Simply put, the effort to control health care costs has been translated into a series of tools that can measure and track the amount spent on what was deemed unnecessary, low-value care: unnecessary pre-op tests for healthy patients before minor surgery; unnecessary PSA screenings; and too frequent cervical cancer screenings, among others.

Nancy Giunto, executive director of the Washington Health Care Alliance, and Beth Bortz, president and CEO of the Virginia Center for Health Innovation, followed Dachary with presentations about the power of transparency in making the costs, both to corporate partners and to health plans – and to legislators. The Washington Health Alliance reported finding an estimated $282 million in such “wasteful” costs; the Virginia Center for Health Innovation in turn reported finding about $568 million in low-value costs.

The goal of the conversation at the summit, according to the RIBGH flyer, was to “address next steps in the fight against this major cause of unaffordable health insurance.”

After the presentations, a panel discussion followed, moderated by Dr. Michael Fine, the former director of the R.I. Department of Health who now serves as the Senior Population Health and Clinical Services Officer at Blackstone Valley Community Health Care.
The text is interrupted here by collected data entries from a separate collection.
(* Let $S_{r,N}$ be an atomic exponential Puiseux semiring. Then for every positive integer $k$, the set $\mathcal{U}_k(S_{r,N})$ is an arithmetic sequence with difference $|\mathsf{n}(r)-\mathsf{d}(r)|$ (i.e., a set of consecutive terms of an arithmetic progression with that common difference).
   Context: $\mathbb{N}=\{0,1,2,\dots\}$. A numerical monoid $N$ is an additive submonoid of $\mathbb{N}$ with finite complement in $\mathbb{N}$. For $r\in\mathbb{Q}_{>0}$ write $r=\mathsf{n}(r)/\mathsf{d}(r)$ in lowest terms. The exponential Puiseux semiring $S_{r,N}$ is the additive submonoid of $\mathbb{Q}_{\ge0}$ generated by $\{r^k:k\in N\}$; if $r\in\mathbb{N}$ it equals $\mathbb{N}$; if $r\notin\mathbb{N}$ it is atomic iff $\mathsf{n}(r)>1$, with atoms $r^s$, $s\in N$. For an atomic monoid $M$ and a positive integer $k$, $\mathcal{U}_k(M)$ is the set of positive integers $m$ for which there exist atoms $a_1,\dots,a_k,a'_1,\dots,a'_m$ with $a_1+\cdots+a_k=a'_1+\cdots+a'_m$. *)

From mathcomp Require Import all_boot all_order all_algebra.
Set Implicit Arguments. Unset Strict Implicit. Unset Printing Implicit Defensive.
Import Order.TTheory GRing.Theory Num.Theory.
Local Open Scope ring_scope.

Definition numerical_monoid (N : nat -> Prop) : Prop :=
  [/\ N 0%N,
      (forall a b, N a -> N b -> N (a + b)%N) &
      (exists B : nat, forall n, (B <= n)%N -> N n)].

Definition expPuiseux (r : rat) (N : nat -> Prop) (x : rat) : Prop :=
  exists s : seq nat, (forall k, k \in s -> N k) /\ x = \sum_(k <- s) r ^+ k.

Definition atom (M : rat -> Prop) (a : rat) : Prop :=
  [/\ M a, a != 0 &
      forall b c, M b -> M c -> a = b + c -> b = 0 \/ c = 0].

Definition atomic (M : rat -> Prop) : Prop :=
  forall x, M x -> x != 0 ->
    exists s : seq rat, (forall a, a \in s -> atom M a) /\ x = \sum_(a <- s) a.

Definition Uk (M : rat -> Prop) (k : nat) (m : nat) : Prop :=
  (0 < m)%N /\
  exists s t : seq rat,
    [/\ size s = k, size t = m,
        (forall a, a \in s -> atom M a), (forall a, a \in t -> atom M a) &
        \sum_(a <- s) a = \sum_(a <- t) a].

Definition arith_seq (U : nat -> Prop) (d : nat) : Prop :=
  exists a : nat,
    (exists L : nat, forall m, U m <-> exists2 i, (i <= L)%N & m = (a + i * d)%N)
    \/ (forall m, U m <-> exists i, m = (a + i * d)%N).

From mathcomp Require Import all_boot all_order all_algebra zify.
From Stdlib Require Import Classical Wf_nat.
Set Implicit Arguments. Unset Strict Implicit. Unset Printing Implicit Defensive.

(* Write r = n / d in lowest terms.  If d = 1, then S_{r,N} is the semiring of
   naturals, whose only atom is 1, so U_k = {k}.  If n = 1 < d, every generator
   r ^ j splits inside S_{r,N}, so there are no atoms and the hypothesis of
   atomicity fails.  In the main case n, d > 1 the atoms are exactly the r ^ k
   with k in N, so factorizations are lists of exponents.  The basic move
   trades n copies of r ^ a for d copies of r ^ a.+1; it preserves the value
   and changes the length by |n - d|.  After clearing denominators, a
   divisibility argument shows that in two equal-valued lists without common
   exponent the least exponent occurs a multiple of n times and can be traded;
   an induction on a potential then shows that the lengths of two equal-valued
   lists are the ends of a run, of step |n - d|, of lengths of equal-valued
   lists (linked_sizes).  Shifting exponents above the conductor of N keeps
   all exponents in N, so every element of U_k is joined to k by such a run
   inside U_k, and a nonempty set with this property is an arithmetic sequence
   (arith_seq_of_linked). *)

Definition run (e : nat) (Q : nat -> Prop) (b j : nat) : Prop :=
  forall i, i <= j -> Q (b + i * e).

Definition linked (e : nat) (Q : nat -> Prop) (x z : nat) : Prop :=
  exists j, (z = x + j * e /\ run e Q x j) \/ (x = z + j * e /\ run e Q z j).

Lemma linked_refl e (Q : nat -> Prop) x : Q x -> linked e Q x x.
Proof.
move=> Qx; exists 0; left; split=> [|i]; first by rewrite addn0.
by rewrite leqn0 => /eqP ->; rewrite addn0.
Qed.

Lemma linked_sym e Q x z : linked e Q x z -> linked e Q z x.
Proof. by case=> j [H|H]; exists j; [right|left]. Qed.

Lemma linked_mono e (Q Q' : nat -> Prop) x z :
  (forall m, Q m -> Q' m) -> linked e Q x z -> linked e Q' x z.
Proof.
by move=> QQ' [j [[-> R]|[-> R]]]; exists j; [left|right]; split=> // i /R /QQ'.
Qed.

Lemma linked_succ e (Q Q' : nat -> Prop) x z :
  (forall m, Q m -> Q' m.+1) -> linked e Q x z -> linked e Q' x.+1 z.+1.
Proof.
move=> QQ' [j [[-> R]|[-> R]]]; exists j; [left|right];
  by split=> [|i /R /QQ']; rewrite ?addSn.
Qed.

Lemma linked_step e (Q : nat -> Prop) x y z :
  Q x -> y = x + e \/ x = y + e -> linked e Q y z -> linked e Q x z.
Proof.
move=> Qx xy [j [[zE R]|[yE R]]].
- case: xy => xy.
  + exists j.+1; left; split; first by rewrite mulSn; lia.
    by case=> [_|i /R]; rewrite ?addn0 // mulSn xy addnA.
  + case: j zE R => [|j] zE R.
    * rewrite mul0n addn0 in zE; subst z.
      exists 1; right; split; first lia.
      case=> [|[|//]] _; last by rewrite mul1n -xy.
      by have := R 0 (leqnn 0).
    * exists j; left; split; first by rewrite mulSn in zE; lia.
      by move=> i /(R i.+1); rewrite mulSn addnA -xy.
- case: xy => xy.
  + case: j yE R => [|j] yE R.
    * rewrite mul0n addn0 in yE; rewrite yE in xy.
      exists 1; left; split; first lia.
      case=> [|[|//]] _; first by rewrite addn0.
      by rewrite mul1n -xy; have := R 0 (leqnn 0); rewrite addn0.
    * exists j; right; split; first by rewrite mulSn in yE; lia.
      by move=> i ij; apply: R; lia.
  + exists j.+1; right; split; first by rewrite mulSn; lia.
    move=> i; rewrite leq_eqVlt => /orP [/eqP ->|]; last exact: R.
    by rewrite mulSn addnCA -yE addnC -xy.
Qed.

Lemma downward_closed_nat (T : nat -> Prop) :
  T 0 -> (forall i j, j <= i -> T i -> T j) ->
  (exists L, forall i, T i <-> i <= L) \/ (forall i, T i).
Proof.
move=> T0 Tdown; case: (classic (exists b, ~ T b)) => [[b Tb]|]; last first.
  by move=> allT; right=> i; apply: NNPP => Ti; apply: allT; exists i.
left; have Tlt : forall i, T i -> i < b.
  by move=> i Ti; rewrite ltnNge; apply/negP => bi; apply: Tb (Tdown _ _ bi Ti).
elim: b {Tb} Tlt => [|b IH] Tlt; first by have := Tlt 0 T0.
case: (classic (T b)) => [Tb|nTb].
  by exists b => i; split=> [/Tlt|/Tdown]; last exact.
apply: IH => i Ti; have := Tlt i Ti; rewrite ltnS leq_eqVlt => /orP [/eqP ib|//].
by move: Ti; rewrite ib.
Qed.

Lemma arith_seq_singleton (U : nat -> Prop) k e :
  (forall m, U m <-> m = k) -> arith_seq U e.
Proof.
move=> Uk; exists k; left; exists 0 => m; rewrite Uk.
split=> [->|[i]]; first by exists 0; rewrite ?mul0n ?addn0.
by rewrite leqn0 => /eqP -> ->; rewrite mul0n addn0.
Qed.

Lemma linked_from_min e (U : nat -> Prop) k a : 0 < e ->
  U a -> (forall m, U m -> a <= m) -> (forall m, U m -> linked e U k m) ->
  forall m, U m -> exists i, m = a + i * e /\ run e U a i.
Proof.
move=> e0 Ua amin Ulink.
have [j0 [kE Ra]] : exists j0, k = a + j0 * e /\ run e U a j0.
  case: (Ulink a Ua) => j [[aE R]|]; last by exists j.
  have ak : a <= k by apply: amin; have := R 0 (leq0n j); rewrite mul0n addn0.
  exists 0; split; first lia.
  by move=> i; rewrite leqn0 => /eqP ->; rewrite addn0.
move=> m /Ulink [j [[mE R]|[kE' R]]].
- exists (j0 + j); split; first by rewrite mulnDl; lia.
  move=> i ij; case: (leqP i j0) => [|j0i]; first exact: Ra.
  have := R (i - j0) ltac:(lia); congr U; rewrite mulnBl kE; nia.
- have am : a <= m by apply: amin; have := R 0 (leq0n j); rewrite mul0n addn0.
  have jj0 : j <= j0 by rewrite -(leq_pmul2r e0); lia.
  exists (j0 - j); split; first by rewrite mulnBl; nia.
  by move=> i ij; apply: Ra; lia.
Qed.

Lemma arith_seq_of_linked (U : nat -> Prop) k e :
  U k -> (forall m, U m -> linked e U k m) -> arith_seq U e.
Proof.
move=> Uk Ulink; case: (posnP e) => [e0|e_gt0].
  apply: (arith_seq_singleton (k := k)) => m; split=> [|-> //].
  by case/Ulink => j [[]|[]]; rewrite e0 muln0 addn0 => ->.
have [a [[Ua /= amin] _]] :=
  dec_inh_nat_subset_has_unique_least_element U (fun m => classic (U m)) (ex_intro _ k Uk).
have {}amin m : U m -> a <= m by move/amin/leP.
have Urun := linked_from_min e_gt0 Ua amin Ulink.
have Tdown i j : j <= i -> U (a + i * e) -> U (a + j * e).
  move=> ji /Urun [i' [/eqP ii' R]]; apply: R.
  by move: ii'; rewrite eqn_add2l eqn_pmul2r // => /eqP <-.
exists a; case: (downward_closed_nat (T := fun i => U (a + i * e))) => //.
- by rewrite mul0n addn0.
- move=> [L TL]; left; exists L => m; split.
    by case/Urun => i [-> R]; exists i; rewrite // -TL; apply: R.
  by case=> i iL ->; apply/TL.
- move=> Tall; right=> m; split; last by case=> i ->.
  by case/Urun => i [-> _]; exists i.
Qed.

Lemma exchange_size n d x y :
  x + n = y + d -> x = y + `|n - d| \/ y = x + `|n - d|.
Proof.
case: (leqP d n) => [dn|/ltnW nd]; first by rewrite distnEl //; lia.
by rewrite distnEr //; lia.
Qed.

Lemma sum_count_split (f : nat -> nat) a (s : seq nat) :
  \sum_(x <- s) f x = count_mem a s * f a + \sum_(x <- filter (predC1 a) s) f x.
Proof.
elim: s => [|x s IH]; first by rewrite big_nil.
rewrite /= !big_cons IH; case: eqP => [->|_] /=; first by rewrite mulSn addnA.
by rewrite big_cons addnCA.
Qed.

Lemma sum_nseq (f : nat -> nat) c a : \sum_(x <- nseq c a) f x = c * f a.
Proof. by rewrite big_nseq iter_addn_0 mulnC. Qed.

Section ExponentMultisets.

(* A sum of powers of r = n / d with exponents in [lo, M] is encoded by the
   sequence of its exponents; multiplied by d ^ M it becomes an integer. *)
Variables n d M : nat.
Hypotheses (n_gt0 : 0 < n) (d_gt0 : 0 < d) (coprime_nd : coprime n d).

(* d ^ M * r ^ x, for x <= M. *)
Definition weight (x : nat) : nat := n ^ x * d ^ (M - x).

(* d ^ M times the sum of the powers of r with exponents in s. *)
Definition cval (s : seq nat) : nat := \sum_(x <- s) weight x.

(* A measure that decreases when n copies of r ^ a are traded for d copies of
   r ^ a.+1 (as n * (d + 1) > d); it drives the inductions below. *)
Definition potential (s : seq nat) : nat := \sum_(x <- s) d.+1 ^ (M - x).

Definition bounded (lo : nat) (s : seq nat) : bool := all (fun x => lo <= x <= M) s.

Lemma weight_gt0 x : 0 < weight x.
Proof. by rewrite muln_gt0 !expn_gt0 n_gt0 d_gt0. Qed.

Lemma cval_cons x s : cval (x :: s) = weight x + cval s.
Proof. exact: big_cons. Qed.

Lemma cval_perm s t : perm_eq s t -> cval s = cval t.
Proof. exact: perm_big. Qed.

Lemma cval_eq0 s : cval s = 0 -> s = [::].
Proof. by case: s => [|x s] //; rewrite cval_cons; have := weight_gt0 x; lia. Qed.

Lemma potential_perm s t : perm_eq s t -> potential s = potential t.
Proof. exact: perm_big. Qed.

Lemma potential_cons x s : potential (x :: s) = d.+1 ^ (M - x) + potential s.
Proof. exact: big_cons. Qed.

Lemma bounded_sub lo s t : {subset t <= s} -> bounded lo s -> bounded lo t.
Proof. by move=> ts /allP sb; apply/allP => x /ts /sb. Qed.

Lemma cval_dvd a s : all (fun x => a < x) s -> n ^ a.+1 %| cval s.
Proof.
elim: s => [|x s IH] /=; first by rewrite /cval big_nil dvdn0.
case/andP => ax /IH dvd_s; rewrite cval_cons dvdn_add // dvdn_mulr //.
exact: dvdn_exp2l.
Qed.

(* If a is the least exponent of u ++ v and occurs only in u, then comparing
   both sides modulo n ^ a.+1 shows that n divides its multiplicity in u. *)
Lemma count_min_dvd a u v : a \notin v -> all (fun x => a <= x) (u ++ v) ->
  cval u = cval v -> n %| count_mem a u.
Proof.
move=> av; rewrite all_cat => /andP [au bv] E.
have above s : a \notin s -> all (fun x => a <= x) s -> all (fun x => a < x) s.
  move=> as_ /allP ge_a; apply/allP => x xs; rewrite ltn_neqAle ge_a // andbT.
  by apply: contraNneq as_ => ->.
have dvd_v : n ^ a.+1 %| cval v by apply: cval_dvd; apply: above.
have dvd_rest : n ^ a.+1 %| cval (filter (predC1 a) u).
  apply: cval_dvd; apply: above; first by rewrite mem_filter /= eqxx.
  by apply/allP => x; rewrite mem_filter => /andP [_ /(allP au)].
move: dvd_v; rewrite -E /cval (sum_count_split _ a) -/(cval _) dvdn_addl //.
rewrite /weight expnSr mulnCA dvdn_pmul2l ?expn_gt0 ?n_gt0 //.
by rewrite Gauss_dvdl // coprimeXr.
Qed.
The panelists included: Dr. Matthew Collins, Vice President of Clinical Integration at Blue Cross and Blue Shield of Rhode Island; Al Ayers, director of Human Resources at Electric Boat; Patrick Tigue, director of the R.I. Medicaid program; Shannon Shallcross, co-founder and CEO of BetaXAnalytics; Dr. Pano Yeracaris, chief clinical strategist for the Care Transformation Collaborative; and Dr. Edward McGookin, chief medical officer at Coastal Medical.

Much of the conversation focused on how best to use the existing data, including the All Payers Claims Database, as a lever to drive change in policy decisions. There was some natural tension expressed between what the insurer wants, what the physician wants, and what the patient wants when it comes to medical procedures. As one panelist said, there were not many patients who were going to come into your office and say: I need a colonoscopy.
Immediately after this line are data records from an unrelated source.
Lemma graph_deriv_bound {L rho : R} {u w : 'rV[R]_n} : 0 <= L -> 0 < rho ->
  (forall z, enorm (z - x) < rho -> enorm (z - x) <= L * enorm (G z - G x)) ->
  graph_deriv G x u w -> enorm u <= L * enorm w.
Proof.
move=> L0 rho0 inv_lip /graph_derivP approx; apply/ler_addgt0Pr => e e0.
have u2 : 0 < enorm u + 2 by have := enorm_ge0 u; lra.
have L1 : 0 < L + 1 by lra.
set e' := Num.min (Num.min 1 (e / (L + 1))) (rho / (enorm u + 2)).
have e'1 : e' <= 1 by rewrite !ge_min lexx.
have e'e : e' * (L + 1) <= e.
  by rewrite -ler_pdivlMr // !ge_min lexx orbT.
have e'rho : e' * (enorm u + 2) <= rho.
  by rewrite -ler_pdivlMr // !ge_min lexx !orbT.
have e'0 : 0 < e' by rewrite !lt_min ltr01 !divr_gt0.
have [t [y [z [t0 te' yu zw onG]]]] := approx e' e'0.
have yle : enorm y <= enorm u + 1.
  by have := enormD (y - u) u; rewrite subrK; lra.
have ty_rho : enorm (x + t *: y - x) < rho.
  rewrite addrC addKr enormZ gtr0_norm //.
  have := enorm_ge0 y; nra.
have := inv_lip _ ty_rho; rewrite onG ![_ + t *: _]addrC !addrK !enormZ.
rewrite gtr0_norm // mulrCA ler_pM2l // => yz.
have := enormD (z - w) w; rewrite subrK => zle.
have := enormD (u - y) y; rewrite subrK enormB => ule.
have : L * enorm z <= L * (e' + enorm w) by apply: ler_wpM2l => //; lra.
nra.
Qed.

Lemma graph_deriv_of_quotients {w : 'rV[R]_n} {B : R} (q : R -> 'rV[R]_n) :
  (forall t, 0 < t -> t <= 1 ->
     enorm (q t) <= B /\ G (x + t *: q t) = G x + t *: w) ->
  exists u, graph_deriv G x u w.
Proof.
move=> quot.
have near_q : (q @ 0^'+) [set y | enorm y <= B].
  apply: filterS2 (nbhs_right_gt 0) (nbhs_right_lt ltr01) => t t0 t1.
  by have [] := quot t t0 (ltW t1).
have [u [_ cl_u]] := compact_eball B _ _ near_q.
exists u; apply/graph_derivP => e e0.
have e1 : 0 < Num.min e 1 by rewrite lt_min e0 ltr01.
have small_q : (q @ 0^'+) [set y | exists2 t, 0 < t < Num.min e 1 & y = q t].
  apply: filterS2 (nbhs_right_gt 0) (nbhs_right_lt e1) => t t0 t1.
  by exists t => //; rewrite t0 t1.
have eN : 0 < e / n.+1%:R by rewrite divr_gt0.
have [_ [[t /andP[t0]] + -> /(enorm_lt_ball e0) uq]] :=
  cl_u _ _ small_q (nbhsx_ballx u _ eN).
rewrite lt_min => /andP[te t1]; have [_ onG] := quot t t0 (ltW t1).
by exists t, (q t), w; rewrite enormB subrr enorm0.
Qed.

End GraphicalDerivative.

Section Setting.
Local Set Implicit Arguments.
Context {R : realType} {n : nat}.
Another participant, from Neighborhood Health Plan of Rhode Island, said that the insurer was “prepared to be the bad guy” in order to hold the line on costs and unnecessary procedures.

Fine said that the numbers are compelling; that the amount of money spent on low-value care is astounding.

In the audience
There were plenty of attendees in the audience who could be said to be the intended targets of the conversation: Sen. Josh Miller, chairman of the Senate Health and Human Services Committee; Larry Warner from the Rhode Island Foundation; Marie Ganim, the R.I. Health Insurance Commissioner; and Kate Bramson, R.I. Senate policy director, among others.